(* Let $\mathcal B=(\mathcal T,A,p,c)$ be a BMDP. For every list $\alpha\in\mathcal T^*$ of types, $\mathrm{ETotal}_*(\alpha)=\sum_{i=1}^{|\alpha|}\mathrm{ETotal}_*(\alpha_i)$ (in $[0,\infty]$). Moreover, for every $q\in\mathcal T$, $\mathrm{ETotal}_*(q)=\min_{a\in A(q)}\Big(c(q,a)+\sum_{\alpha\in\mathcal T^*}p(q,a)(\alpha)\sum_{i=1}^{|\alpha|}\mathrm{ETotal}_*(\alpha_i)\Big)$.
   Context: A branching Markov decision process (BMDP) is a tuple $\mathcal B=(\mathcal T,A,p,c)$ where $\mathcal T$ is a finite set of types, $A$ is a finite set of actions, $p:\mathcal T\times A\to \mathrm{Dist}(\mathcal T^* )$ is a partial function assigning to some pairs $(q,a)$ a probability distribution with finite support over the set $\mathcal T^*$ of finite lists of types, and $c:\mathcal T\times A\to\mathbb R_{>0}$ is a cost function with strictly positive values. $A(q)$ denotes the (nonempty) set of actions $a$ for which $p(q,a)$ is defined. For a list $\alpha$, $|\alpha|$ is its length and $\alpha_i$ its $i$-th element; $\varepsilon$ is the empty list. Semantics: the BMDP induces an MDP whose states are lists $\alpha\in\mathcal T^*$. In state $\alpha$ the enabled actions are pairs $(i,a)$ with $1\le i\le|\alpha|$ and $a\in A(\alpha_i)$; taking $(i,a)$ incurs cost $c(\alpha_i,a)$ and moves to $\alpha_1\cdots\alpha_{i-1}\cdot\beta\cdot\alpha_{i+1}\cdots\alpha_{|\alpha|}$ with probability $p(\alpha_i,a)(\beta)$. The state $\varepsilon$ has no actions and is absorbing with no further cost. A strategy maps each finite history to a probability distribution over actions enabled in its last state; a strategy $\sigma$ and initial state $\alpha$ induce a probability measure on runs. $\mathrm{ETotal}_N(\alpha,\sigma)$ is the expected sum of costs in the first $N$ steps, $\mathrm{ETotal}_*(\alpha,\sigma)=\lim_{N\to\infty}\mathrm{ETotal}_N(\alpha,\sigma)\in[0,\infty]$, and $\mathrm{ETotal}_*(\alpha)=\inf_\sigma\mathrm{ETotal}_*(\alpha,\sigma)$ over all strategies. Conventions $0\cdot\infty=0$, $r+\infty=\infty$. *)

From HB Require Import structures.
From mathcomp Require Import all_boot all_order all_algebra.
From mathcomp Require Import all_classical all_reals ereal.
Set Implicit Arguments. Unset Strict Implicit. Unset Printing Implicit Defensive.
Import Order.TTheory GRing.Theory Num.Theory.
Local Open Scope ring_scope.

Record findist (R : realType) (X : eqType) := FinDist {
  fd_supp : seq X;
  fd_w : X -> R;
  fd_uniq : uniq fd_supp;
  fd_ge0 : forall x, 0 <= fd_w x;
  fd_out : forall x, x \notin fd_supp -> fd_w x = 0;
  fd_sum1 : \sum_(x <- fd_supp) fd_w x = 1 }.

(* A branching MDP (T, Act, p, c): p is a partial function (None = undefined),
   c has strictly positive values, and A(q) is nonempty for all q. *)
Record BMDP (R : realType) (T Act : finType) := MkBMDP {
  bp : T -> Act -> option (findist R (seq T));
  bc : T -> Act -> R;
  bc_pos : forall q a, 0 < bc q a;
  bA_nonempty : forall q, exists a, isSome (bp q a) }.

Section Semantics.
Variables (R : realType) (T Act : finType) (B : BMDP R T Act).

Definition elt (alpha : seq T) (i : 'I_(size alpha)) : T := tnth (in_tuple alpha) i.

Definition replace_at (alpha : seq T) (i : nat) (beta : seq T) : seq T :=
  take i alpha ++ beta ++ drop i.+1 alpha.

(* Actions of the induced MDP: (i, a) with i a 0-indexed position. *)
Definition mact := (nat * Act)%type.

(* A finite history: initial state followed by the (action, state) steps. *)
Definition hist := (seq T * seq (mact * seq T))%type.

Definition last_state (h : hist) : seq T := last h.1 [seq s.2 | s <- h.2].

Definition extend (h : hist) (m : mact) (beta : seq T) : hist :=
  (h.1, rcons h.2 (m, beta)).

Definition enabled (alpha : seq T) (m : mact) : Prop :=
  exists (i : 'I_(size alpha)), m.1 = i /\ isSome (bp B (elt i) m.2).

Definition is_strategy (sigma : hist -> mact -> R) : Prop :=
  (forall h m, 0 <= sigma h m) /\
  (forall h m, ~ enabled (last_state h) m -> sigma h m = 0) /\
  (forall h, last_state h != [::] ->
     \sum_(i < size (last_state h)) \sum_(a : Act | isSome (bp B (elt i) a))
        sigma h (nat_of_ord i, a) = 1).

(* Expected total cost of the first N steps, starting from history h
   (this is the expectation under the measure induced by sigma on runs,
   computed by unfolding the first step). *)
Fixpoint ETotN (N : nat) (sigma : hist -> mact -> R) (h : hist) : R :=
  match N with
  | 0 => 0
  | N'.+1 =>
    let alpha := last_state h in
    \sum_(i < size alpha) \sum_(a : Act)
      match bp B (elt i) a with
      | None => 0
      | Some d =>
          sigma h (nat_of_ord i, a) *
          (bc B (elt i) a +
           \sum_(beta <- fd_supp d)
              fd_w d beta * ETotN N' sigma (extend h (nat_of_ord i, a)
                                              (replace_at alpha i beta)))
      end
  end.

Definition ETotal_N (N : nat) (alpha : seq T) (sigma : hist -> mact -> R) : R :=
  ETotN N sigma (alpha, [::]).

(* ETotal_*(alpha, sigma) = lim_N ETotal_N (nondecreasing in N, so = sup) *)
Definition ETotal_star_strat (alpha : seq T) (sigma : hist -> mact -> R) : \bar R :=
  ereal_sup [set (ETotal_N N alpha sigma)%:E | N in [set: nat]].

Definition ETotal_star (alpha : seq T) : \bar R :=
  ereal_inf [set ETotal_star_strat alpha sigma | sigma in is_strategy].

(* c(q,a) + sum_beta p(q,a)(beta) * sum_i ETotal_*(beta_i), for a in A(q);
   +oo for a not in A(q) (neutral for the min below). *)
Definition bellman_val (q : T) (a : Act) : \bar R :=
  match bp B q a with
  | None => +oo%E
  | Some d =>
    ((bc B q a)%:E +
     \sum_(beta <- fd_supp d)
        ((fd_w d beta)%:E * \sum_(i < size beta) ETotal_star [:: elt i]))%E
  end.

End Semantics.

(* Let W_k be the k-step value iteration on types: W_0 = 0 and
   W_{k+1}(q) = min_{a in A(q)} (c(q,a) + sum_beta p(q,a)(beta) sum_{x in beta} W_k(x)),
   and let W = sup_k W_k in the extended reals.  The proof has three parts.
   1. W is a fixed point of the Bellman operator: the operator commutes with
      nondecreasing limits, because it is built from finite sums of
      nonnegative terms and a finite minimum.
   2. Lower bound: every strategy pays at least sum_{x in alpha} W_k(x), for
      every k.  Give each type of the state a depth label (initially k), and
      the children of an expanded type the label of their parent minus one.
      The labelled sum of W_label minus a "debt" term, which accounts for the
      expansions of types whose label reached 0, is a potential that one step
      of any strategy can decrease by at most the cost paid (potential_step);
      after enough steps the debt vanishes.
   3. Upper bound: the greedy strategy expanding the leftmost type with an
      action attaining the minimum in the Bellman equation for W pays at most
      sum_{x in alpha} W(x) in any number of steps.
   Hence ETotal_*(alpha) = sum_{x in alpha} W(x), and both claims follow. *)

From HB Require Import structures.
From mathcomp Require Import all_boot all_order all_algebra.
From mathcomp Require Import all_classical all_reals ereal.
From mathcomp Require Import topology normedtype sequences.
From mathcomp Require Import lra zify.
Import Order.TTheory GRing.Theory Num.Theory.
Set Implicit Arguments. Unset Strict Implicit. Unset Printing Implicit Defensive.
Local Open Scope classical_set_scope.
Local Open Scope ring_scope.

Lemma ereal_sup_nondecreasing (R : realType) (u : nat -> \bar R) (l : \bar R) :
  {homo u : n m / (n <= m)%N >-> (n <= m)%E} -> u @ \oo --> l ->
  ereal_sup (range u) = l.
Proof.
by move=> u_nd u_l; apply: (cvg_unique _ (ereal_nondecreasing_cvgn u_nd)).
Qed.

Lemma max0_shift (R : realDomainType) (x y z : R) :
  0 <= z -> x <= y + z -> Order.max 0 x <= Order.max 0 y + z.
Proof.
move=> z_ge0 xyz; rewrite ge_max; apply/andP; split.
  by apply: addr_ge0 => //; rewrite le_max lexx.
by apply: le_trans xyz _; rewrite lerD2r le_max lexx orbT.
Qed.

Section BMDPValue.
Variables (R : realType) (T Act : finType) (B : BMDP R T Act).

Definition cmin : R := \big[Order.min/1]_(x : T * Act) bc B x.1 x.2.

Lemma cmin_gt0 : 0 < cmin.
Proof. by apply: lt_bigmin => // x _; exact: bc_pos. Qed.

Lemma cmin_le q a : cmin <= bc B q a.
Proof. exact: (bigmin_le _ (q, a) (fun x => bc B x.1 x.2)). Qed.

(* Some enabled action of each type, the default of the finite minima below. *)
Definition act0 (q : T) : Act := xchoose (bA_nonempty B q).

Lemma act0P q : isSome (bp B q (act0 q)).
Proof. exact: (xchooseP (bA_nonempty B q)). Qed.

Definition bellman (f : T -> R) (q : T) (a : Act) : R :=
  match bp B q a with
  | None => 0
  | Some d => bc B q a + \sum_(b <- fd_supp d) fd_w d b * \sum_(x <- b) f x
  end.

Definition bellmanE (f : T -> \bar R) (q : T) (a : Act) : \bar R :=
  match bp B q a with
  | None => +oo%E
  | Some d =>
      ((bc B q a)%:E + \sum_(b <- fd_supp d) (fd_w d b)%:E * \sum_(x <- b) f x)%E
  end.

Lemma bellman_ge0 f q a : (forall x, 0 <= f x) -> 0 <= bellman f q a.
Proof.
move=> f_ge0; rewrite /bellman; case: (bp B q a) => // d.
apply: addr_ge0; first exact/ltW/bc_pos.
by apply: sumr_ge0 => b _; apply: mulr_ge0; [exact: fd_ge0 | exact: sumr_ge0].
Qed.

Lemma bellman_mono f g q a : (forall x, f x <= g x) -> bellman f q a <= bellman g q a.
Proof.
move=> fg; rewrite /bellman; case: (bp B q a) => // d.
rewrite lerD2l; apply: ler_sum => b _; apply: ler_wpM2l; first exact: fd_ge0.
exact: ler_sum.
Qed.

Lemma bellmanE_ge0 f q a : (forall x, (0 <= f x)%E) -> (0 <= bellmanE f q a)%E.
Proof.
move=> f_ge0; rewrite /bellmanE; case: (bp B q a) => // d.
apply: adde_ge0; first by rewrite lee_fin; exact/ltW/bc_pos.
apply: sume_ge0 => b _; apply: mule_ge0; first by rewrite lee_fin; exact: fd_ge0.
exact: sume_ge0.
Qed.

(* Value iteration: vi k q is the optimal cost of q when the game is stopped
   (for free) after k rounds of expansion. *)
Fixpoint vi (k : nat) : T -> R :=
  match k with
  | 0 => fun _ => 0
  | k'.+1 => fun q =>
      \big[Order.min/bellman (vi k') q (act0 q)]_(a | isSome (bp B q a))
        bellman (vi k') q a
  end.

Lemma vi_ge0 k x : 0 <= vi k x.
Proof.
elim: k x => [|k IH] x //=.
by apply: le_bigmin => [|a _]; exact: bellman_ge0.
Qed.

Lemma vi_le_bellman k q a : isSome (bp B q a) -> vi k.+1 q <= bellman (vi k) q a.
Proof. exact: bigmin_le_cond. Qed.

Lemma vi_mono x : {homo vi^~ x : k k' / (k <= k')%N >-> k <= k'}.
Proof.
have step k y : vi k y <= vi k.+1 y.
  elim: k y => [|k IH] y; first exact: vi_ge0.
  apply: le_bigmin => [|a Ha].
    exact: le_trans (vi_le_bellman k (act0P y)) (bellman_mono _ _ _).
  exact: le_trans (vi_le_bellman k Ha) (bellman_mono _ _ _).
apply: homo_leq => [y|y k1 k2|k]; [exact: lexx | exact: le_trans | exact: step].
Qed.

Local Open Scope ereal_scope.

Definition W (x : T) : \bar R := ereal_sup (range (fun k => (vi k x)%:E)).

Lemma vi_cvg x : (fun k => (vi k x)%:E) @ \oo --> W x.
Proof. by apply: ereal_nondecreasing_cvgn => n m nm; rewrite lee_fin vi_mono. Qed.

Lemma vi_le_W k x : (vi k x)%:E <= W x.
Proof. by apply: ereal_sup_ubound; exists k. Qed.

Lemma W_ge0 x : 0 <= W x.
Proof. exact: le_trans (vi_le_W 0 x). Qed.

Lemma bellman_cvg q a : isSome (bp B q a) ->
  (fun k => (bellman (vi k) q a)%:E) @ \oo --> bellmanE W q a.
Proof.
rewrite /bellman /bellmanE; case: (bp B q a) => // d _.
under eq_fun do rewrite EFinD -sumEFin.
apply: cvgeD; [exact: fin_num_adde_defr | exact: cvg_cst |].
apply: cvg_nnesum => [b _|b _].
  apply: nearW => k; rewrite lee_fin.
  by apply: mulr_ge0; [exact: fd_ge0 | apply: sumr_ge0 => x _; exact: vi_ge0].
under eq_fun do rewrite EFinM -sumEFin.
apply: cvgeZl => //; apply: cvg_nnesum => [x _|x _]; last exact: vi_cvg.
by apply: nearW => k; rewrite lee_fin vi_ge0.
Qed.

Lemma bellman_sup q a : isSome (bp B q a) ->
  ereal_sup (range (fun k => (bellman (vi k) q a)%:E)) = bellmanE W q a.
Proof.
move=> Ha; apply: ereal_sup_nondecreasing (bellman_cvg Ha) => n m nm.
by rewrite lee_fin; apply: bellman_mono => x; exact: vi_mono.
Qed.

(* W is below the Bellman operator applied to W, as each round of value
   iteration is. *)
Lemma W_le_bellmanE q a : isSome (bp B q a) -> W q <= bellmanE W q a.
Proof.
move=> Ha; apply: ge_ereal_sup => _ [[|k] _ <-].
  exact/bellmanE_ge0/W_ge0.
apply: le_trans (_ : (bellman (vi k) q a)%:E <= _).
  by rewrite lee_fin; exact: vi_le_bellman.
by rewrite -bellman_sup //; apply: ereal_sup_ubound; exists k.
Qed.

> _Work required_
Above are the entries. Copy exactly the part that opens with the line containing "nondecreasing limits, because" and closes with the line containing "the children of", and no more.

> _Reply to the exercise_
      nondecreasing limits, because it is built from finite sums of
      nonnegative terms and a finite minimum.
   2. Lower bound: every strategy pays at least sum_{x in alpha} W_k(x), for
      every k.  Give each type of the state a depth label (initially k), and
      the children of an expanded type the label of their parent minus one.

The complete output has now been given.